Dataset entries

---*---

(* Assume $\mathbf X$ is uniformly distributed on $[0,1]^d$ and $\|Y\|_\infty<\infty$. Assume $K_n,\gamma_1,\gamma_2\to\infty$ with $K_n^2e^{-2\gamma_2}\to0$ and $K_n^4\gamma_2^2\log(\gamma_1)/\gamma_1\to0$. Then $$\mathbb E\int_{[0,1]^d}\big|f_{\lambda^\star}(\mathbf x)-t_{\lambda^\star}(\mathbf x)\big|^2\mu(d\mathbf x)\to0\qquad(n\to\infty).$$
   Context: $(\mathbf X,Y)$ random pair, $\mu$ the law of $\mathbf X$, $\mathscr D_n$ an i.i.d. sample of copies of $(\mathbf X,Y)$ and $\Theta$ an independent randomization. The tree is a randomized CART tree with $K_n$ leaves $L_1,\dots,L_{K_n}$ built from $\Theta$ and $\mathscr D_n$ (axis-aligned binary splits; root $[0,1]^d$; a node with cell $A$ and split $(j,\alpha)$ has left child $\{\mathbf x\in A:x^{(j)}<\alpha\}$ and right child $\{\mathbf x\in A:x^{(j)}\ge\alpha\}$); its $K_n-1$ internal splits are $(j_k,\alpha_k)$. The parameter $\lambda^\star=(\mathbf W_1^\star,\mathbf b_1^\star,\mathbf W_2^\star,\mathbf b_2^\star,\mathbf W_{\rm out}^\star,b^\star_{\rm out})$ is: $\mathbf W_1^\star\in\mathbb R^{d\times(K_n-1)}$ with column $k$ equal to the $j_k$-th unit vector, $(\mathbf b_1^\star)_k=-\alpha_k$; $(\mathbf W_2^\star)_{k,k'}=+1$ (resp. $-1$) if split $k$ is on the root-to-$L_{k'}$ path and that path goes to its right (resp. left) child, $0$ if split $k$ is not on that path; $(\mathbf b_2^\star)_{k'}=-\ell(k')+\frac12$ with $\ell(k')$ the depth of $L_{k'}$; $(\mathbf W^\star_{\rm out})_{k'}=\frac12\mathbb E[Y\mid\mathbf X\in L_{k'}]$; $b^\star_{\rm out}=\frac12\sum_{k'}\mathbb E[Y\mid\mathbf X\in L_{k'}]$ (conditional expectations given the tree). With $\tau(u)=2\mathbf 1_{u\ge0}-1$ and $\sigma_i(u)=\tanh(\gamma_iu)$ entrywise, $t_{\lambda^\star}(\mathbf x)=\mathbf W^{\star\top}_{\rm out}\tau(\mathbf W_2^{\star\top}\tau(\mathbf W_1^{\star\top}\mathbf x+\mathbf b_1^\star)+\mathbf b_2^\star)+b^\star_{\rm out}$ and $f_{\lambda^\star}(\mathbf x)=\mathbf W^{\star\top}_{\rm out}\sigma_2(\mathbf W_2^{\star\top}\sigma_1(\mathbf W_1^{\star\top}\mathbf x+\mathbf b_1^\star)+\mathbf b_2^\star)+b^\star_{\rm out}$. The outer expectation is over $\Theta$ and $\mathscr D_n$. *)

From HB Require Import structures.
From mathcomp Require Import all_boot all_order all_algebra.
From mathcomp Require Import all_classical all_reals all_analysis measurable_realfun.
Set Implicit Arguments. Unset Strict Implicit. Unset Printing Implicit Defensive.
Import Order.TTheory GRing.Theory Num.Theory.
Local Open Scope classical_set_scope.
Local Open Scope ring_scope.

---*---

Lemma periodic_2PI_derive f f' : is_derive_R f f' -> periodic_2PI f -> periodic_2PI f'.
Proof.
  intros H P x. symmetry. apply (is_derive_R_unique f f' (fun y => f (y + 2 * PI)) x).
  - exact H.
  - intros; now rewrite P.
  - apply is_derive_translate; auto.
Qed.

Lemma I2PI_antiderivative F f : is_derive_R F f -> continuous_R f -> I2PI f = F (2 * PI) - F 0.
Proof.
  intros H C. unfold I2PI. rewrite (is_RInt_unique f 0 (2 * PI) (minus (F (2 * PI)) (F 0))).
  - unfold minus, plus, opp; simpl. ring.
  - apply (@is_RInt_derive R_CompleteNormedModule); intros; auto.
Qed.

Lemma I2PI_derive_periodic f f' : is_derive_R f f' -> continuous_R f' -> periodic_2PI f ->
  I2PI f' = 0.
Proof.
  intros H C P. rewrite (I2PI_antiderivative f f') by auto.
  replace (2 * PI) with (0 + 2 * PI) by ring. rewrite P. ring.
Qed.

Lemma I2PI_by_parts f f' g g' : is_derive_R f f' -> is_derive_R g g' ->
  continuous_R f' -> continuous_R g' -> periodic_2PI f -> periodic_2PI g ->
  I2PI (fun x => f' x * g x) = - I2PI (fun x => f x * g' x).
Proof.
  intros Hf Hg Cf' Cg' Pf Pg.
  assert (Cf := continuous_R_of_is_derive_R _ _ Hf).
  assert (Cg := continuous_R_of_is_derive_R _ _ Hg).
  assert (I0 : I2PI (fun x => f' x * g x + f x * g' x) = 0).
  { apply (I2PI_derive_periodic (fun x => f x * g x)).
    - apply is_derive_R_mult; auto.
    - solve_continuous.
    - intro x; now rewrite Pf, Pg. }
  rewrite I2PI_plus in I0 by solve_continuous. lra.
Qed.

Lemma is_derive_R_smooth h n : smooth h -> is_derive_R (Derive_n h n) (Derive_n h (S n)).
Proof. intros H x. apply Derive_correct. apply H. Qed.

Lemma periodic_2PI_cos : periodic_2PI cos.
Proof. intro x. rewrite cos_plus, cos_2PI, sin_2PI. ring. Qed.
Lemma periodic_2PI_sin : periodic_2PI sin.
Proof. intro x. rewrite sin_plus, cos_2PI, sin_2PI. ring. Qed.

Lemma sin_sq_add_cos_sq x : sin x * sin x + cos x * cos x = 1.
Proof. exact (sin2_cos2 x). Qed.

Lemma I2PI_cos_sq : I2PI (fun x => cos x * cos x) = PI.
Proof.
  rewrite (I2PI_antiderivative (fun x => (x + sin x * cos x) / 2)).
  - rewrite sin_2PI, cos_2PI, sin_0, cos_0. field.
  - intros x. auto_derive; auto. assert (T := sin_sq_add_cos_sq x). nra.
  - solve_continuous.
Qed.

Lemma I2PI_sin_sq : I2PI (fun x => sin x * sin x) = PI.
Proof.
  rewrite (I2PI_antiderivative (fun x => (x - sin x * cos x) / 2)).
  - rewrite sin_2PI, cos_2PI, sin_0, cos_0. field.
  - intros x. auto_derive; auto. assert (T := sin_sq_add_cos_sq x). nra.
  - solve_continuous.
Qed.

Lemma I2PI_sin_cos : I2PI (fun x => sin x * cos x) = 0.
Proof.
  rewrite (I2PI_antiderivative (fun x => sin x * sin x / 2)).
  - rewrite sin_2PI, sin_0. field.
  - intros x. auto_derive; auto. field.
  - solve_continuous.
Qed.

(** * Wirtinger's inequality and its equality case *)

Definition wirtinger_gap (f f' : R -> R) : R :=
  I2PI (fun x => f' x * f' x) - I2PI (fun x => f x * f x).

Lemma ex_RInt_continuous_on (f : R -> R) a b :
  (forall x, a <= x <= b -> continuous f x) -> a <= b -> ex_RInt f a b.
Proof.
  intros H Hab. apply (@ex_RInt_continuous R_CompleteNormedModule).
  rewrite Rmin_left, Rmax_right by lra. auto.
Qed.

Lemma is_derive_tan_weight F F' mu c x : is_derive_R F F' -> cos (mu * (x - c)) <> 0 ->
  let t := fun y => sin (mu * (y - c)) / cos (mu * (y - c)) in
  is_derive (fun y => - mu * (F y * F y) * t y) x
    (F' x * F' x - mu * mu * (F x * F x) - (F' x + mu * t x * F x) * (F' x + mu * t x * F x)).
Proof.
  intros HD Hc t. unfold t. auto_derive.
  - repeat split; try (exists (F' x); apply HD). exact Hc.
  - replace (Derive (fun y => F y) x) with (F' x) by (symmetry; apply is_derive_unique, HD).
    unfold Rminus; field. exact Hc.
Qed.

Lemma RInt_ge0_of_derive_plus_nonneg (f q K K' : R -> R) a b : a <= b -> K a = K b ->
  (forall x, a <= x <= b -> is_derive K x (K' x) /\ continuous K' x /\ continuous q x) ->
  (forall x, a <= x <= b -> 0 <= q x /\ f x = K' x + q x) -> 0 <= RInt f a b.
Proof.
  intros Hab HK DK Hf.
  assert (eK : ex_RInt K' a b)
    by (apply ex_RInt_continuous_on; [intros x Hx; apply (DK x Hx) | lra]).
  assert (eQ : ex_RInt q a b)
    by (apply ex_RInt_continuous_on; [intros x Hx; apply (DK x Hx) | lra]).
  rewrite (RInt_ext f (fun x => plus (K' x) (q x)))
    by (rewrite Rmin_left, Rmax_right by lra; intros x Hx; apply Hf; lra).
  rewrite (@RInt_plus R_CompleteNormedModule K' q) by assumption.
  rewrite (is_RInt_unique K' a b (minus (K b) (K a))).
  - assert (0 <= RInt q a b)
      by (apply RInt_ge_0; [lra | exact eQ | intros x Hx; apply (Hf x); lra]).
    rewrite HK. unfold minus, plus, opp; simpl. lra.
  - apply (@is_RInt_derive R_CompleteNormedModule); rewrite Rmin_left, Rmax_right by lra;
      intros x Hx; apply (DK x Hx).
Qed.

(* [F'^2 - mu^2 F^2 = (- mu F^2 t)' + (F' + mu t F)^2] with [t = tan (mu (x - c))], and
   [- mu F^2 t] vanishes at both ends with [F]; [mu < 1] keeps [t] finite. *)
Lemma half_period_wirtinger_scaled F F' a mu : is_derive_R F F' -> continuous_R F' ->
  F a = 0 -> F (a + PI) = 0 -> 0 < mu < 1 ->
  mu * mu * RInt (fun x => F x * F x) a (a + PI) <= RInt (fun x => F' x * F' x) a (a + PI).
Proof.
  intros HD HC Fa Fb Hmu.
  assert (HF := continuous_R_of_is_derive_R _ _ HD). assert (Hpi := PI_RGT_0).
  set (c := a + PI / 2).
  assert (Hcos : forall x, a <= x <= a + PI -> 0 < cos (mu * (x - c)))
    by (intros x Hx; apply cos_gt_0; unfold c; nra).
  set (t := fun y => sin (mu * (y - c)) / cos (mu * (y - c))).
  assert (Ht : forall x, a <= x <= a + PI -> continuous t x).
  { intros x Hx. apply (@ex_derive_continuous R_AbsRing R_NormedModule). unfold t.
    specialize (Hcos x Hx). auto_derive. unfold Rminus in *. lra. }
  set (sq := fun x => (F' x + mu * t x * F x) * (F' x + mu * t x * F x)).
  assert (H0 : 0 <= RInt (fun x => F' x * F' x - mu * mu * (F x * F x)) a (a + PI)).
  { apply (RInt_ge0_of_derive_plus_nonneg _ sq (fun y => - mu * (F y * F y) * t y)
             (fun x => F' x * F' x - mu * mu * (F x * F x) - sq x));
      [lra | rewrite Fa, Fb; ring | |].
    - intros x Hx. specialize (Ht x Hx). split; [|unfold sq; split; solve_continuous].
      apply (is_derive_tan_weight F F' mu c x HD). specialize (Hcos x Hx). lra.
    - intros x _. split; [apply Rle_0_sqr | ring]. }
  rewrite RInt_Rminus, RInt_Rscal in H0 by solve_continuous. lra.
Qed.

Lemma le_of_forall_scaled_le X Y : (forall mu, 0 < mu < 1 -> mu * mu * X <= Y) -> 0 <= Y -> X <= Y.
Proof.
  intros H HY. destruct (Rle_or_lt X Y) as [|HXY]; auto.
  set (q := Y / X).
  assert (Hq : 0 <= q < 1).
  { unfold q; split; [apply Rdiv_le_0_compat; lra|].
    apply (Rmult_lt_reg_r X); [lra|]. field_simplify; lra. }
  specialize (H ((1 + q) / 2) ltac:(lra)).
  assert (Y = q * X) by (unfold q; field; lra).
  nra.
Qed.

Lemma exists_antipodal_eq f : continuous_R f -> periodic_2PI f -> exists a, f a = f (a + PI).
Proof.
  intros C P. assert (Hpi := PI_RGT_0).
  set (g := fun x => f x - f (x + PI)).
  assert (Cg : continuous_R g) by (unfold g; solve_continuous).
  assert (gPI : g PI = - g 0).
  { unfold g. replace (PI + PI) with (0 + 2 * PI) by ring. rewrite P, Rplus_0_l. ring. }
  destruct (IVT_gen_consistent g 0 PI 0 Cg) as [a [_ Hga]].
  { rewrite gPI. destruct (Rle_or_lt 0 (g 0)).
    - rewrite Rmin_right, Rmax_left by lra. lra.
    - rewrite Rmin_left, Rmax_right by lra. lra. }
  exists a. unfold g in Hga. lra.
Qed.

---*---

Problem statement> Every line of the data that includes the word "Open" should be copied.

Task solution>
Local Open Scope classical_set_scope.
Local Open Scope ring_scope.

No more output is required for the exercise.